## Task material
"""

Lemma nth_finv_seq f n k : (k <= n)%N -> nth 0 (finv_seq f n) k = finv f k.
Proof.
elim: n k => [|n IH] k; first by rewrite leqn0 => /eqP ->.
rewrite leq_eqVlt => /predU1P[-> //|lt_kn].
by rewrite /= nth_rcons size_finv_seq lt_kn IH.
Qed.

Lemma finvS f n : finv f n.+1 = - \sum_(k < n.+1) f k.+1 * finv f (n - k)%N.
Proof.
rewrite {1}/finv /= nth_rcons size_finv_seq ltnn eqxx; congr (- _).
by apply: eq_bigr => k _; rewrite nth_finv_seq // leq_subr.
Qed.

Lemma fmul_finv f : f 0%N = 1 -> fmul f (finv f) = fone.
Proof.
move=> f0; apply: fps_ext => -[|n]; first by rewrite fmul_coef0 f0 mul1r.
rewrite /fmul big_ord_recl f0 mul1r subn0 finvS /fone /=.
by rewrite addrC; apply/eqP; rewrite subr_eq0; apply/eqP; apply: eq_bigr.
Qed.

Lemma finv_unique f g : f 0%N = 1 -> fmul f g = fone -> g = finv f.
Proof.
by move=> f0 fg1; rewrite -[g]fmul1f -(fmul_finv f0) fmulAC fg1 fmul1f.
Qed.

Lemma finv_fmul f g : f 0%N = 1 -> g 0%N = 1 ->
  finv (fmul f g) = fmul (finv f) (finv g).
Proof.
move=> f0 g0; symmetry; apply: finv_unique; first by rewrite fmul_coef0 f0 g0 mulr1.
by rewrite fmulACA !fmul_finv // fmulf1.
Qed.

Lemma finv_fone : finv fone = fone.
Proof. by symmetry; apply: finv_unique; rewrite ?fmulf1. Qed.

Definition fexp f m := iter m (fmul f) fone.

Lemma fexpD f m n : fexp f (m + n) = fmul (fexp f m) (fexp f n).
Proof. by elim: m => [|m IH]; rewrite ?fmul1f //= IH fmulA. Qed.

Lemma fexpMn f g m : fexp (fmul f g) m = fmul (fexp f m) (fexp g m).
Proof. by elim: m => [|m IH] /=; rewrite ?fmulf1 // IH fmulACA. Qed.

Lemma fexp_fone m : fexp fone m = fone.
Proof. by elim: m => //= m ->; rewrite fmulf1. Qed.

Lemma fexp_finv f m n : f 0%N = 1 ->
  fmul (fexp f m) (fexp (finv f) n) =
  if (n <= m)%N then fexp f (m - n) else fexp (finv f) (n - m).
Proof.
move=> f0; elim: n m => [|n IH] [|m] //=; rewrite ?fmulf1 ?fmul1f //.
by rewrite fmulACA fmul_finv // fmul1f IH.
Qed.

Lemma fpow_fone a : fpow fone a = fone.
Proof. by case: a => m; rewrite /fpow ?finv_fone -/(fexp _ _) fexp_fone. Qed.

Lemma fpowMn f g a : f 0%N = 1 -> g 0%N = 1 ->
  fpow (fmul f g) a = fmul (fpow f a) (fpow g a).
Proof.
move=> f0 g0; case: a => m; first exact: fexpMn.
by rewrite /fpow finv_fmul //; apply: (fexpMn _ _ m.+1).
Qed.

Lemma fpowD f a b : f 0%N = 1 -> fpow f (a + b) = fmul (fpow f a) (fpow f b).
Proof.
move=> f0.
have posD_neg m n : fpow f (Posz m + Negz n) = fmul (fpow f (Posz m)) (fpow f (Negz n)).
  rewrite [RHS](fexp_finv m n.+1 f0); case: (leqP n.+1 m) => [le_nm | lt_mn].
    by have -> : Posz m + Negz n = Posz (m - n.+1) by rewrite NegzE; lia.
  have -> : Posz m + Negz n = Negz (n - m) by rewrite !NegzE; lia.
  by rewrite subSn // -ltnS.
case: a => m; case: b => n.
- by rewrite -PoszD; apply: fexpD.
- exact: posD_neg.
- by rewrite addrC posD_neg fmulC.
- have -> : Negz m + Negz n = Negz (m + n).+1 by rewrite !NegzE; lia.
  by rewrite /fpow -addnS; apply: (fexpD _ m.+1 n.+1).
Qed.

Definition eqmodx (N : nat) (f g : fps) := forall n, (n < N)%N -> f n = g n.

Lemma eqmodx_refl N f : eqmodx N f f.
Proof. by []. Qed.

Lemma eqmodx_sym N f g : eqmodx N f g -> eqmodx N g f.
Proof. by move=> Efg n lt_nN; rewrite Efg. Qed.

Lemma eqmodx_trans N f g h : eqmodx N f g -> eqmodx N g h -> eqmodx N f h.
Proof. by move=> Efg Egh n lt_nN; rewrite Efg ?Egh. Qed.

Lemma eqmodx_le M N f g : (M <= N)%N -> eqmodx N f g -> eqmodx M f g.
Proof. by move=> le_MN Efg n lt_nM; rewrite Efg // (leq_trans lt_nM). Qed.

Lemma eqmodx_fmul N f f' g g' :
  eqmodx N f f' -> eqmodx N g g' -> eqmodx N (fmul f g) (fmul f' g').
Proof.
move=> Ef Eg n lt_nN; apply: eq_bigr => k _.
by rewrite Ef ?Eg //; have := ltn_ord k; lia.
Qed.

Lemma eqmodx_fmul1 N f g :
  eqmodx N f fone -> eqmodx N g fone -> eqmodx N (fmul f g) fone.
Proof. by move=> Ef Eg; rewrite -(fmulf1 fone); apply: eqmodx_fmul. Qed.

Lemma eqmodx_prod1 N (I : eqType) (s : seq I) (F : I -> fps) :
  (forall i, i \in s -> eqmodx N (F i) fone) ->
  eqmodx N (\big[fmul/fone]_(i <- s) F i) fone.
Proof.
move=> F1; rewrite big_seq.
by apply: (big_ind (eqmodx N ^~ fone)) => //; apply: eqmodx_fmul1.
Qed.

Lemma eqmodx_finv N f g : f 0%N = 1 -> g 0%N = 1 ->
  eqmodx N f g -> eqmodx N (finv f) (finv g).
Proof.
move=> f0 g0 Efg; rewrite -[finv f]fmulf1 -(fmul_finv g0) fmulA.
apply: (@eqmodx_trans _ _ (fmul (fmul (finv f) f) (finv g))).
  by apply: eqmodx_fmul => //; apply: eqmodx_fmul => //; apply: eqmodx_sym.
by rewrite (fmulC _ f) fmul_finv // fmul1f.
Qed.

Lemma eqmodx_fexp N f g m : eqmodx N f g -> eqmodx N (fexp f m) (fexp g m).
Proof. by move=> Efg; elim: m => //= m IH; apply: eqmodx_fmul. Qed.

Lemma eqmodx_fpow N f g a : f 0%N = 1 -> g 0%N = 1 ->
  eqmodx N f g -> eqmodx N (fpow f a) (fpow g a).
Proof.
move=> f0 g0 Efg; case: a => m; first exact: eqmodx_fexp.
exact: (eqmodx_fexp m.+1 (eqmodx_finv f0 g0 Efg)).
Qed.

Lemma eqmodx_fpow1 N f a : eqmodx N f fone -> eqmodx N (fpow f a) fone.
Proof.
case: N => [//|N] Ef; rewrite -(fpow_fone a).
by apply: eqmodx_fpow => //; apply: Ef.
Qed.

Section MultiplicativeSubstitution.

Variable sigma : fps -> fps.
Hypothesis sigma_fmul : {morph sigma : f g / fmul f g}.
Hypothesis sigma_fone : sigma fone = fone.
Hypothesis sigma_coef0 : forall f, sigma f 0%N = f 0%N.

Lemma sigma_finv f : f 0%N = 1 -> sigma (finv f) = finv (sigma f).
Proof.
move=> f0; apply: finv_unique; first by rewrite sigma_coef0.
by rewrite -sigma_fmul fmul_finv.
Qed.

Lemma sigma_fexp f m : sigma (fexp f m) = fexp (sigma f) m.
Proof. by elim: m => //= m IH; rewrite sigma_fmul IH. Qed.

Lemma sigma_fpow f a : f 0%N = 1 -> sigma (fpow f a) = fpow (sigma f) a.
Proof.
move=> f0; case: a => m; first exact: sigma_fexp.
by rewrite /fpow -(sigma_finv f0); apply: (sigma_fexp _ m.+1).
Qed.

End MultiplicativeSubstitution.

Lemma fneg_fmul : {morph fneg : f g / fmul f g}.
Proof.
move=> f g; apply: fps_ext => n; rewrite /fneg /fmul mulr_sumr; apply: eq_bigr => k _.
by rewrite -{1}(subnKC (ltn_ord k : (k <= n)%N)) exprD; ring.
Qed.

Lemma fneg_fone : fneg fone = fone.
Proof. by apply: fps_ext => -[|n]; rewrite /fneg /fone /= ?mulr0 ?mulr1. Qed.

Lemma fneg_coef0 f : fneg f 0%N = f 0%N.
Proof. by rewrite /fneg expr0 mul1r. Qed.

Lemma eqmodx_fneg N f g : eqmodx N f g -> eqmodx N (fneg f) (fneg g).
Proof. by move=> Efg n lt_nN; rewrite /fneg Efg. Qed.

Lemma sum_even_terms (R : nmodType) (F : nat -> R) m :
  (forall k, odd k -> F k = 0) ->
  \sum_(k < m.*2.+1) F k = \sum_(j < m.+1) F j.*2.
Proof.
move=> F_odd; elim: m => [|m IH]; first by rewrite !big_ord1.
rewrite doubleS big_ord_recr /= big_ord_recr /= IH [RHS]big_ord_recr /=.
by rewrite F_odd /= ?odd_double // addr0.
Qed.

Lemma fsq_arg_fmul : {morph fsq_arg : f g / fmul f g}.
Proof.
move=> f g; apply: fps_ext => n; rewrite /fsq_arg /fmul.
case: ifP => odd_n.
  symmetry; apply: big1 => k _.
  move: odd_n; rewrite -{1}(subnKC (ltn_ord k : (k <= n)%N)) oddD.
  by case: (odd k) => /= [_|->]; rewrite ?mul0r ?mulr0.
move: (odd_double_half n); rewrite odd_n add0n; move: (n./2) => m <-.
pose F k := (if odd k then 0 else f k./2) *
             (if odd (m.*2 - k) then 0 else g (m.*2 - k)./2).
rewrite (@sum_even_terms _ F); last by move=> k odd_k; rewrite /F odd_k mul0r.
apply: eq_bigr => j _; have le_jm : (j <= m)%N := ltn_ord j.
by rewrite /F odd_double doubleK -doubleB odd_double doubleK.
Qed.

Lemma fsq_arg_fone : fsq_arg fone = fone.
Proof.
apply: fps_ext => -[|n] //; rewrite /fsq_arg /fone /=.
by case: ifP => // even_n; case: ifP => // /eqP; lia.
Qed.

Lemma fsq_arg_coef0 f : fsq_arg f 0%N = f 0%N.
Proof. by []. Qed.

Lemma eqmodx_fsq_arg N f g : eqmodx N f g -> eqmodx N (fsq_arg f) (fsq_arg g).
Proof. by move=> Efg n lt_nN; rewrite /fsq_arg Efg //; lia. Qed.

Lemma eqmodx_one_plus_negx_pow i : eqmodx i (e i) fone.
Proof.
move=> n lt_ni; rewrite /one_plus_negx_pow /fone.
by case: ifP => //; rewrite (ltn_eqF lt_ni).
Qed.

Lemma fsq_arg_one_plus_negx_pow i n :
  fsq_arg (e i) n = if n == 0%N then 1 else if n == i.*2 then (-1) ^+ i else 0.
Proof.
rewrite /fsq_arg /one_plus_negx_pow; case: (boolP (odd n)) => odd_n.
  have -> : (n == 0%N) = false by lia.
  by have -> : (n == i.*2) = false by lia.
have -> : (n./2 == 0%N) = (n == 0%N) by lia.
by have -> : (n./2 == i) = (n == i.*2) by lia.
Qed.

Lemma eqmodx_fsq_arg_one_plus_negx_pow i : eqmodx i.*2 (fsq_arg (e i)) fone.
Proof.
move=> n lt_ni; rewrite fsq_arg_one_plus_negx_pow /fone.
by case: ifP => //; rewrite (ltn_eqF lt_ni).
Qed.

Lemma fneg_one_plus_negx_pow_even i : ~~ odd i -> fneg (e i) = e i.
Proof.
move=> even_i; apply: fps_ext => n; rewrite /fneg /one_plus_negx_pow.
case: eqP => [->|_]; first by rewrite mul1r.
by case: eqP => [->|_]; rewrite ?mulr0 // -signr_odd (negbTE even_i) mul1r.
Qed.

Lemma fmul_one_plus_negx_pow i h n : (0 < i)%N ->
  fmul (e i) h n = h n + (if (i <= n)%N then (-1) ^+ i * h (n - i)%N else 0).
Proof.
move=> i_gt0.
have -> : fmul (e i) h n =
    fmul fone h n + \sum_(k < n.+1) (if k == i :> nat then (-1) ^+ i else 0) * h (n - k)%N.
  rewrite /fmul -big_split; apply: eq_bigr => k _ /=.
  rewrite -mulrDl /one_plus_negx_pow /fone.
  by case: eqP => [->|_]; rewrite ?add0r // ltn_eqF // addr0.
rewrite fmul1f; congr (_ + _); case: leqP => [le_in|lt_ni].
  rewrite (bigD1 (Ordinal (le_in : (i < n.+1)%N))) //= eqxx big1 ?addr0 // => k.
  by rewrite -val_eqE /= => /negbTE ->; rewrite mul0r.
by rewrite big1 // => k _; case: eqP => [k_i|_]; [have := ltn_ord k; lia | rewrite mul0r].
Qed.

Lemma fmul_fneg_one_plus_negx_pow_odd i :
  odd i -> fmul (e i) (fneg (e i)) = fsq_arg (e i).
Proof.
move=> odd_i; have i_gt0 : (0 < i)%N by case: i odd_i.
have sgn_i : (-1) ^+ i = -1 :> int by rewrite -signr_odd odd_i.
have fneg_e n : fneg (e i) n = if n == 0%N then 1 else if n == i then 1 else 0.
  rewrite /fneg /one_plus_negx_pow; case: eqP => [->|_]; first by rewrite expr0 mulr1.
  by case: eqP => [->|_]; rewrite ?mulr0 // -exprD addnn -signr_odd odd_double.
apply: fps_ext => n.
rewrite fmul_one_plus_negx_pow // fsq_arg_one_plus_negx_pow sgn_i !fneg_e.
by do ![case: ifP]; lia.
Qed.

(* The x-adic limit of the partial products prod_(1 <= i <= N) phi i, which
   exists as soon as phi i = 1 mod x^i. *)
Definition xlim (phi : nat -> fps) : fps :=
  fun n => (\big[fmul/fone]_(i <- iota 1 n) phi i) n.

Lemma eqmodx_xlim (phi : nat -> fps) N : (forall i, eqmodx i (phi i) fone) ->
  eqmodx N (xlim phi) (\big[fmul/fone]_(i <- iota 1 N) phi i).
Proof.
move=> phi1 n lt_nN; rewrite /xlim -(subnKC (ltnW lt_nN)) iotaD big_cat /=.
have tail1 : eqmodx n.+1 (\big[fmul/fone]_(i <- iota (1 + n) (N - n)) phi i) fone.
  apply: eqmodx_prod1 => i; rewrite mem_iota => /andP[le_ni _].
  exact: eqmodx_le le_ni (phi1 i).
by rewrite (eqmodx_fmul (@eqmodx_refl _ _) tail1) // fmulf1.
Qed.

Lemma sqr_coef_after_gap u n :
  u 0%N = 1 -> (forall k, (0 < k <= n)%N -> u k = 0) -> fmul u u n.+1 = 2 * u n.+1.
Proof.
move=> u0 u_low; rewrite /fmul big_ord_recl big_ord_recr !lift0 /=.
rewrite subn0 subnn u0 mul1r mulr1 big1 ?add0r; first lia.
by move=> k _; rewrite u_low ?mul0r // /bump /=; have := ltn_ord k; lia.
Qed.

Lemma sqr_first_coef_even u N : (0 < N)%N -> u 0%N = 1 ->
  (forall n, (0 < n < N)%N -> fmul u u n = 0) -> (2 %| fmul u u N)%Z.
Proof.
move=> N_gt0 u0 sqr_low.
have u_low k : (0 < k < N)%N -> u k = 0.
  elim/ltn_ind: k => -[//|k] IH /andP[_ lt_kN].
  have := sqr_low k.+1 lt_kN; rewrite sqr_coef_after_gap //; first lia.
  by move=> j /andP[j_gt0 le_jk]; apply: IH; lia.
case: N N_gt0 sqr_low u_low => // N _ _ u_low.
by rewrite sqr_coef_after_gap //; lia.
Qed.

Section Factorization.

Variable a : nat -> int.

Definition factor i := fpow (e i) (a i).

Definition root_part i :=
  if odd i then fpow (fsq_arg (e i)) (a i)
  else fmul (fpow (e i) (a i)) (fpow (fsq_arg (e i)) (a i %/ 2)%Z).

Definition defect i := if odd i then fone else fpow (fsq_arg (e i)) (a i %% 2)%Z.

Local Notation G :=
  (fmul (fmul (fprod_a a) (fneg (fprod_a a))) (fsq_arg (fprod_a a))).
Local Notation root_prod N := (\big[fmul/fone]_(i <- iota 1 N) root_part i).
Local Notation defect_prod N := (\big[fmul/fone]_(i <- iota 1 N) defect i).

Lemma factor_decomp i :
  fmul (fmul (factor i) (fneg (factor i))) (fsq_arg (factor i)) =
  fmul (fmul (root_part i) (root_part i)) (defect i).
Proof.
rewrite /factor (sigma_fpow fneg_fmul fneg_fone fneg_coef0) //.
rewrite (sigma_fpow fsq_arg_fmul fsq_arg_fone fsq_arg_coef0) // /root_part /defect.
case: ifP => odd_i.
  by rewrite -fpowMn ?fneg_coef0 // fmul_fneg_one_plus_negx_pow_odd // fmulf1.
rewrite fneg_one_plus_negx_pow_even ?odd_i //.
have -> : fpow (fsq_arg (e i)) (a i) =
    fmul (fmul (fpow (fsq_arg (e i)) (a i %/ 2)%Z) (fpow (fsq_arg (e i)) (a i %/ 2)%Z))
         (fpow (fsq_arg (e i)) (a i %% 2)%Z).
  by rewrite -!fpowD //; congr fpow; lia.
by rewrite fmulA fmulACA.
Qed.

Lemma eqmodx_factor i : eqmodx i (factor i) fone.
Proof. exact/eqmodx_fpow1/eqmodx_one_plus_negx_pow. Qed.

"""

## Work to be completed
Check the listing for the word "addrC". Show each line that has it.

## Result
by rewrite addrC; apply/eqP; rewrite subr_eq0; apply/eqP; apply: eq_bigr.
- by rewrite addrC posD_neg fmulC.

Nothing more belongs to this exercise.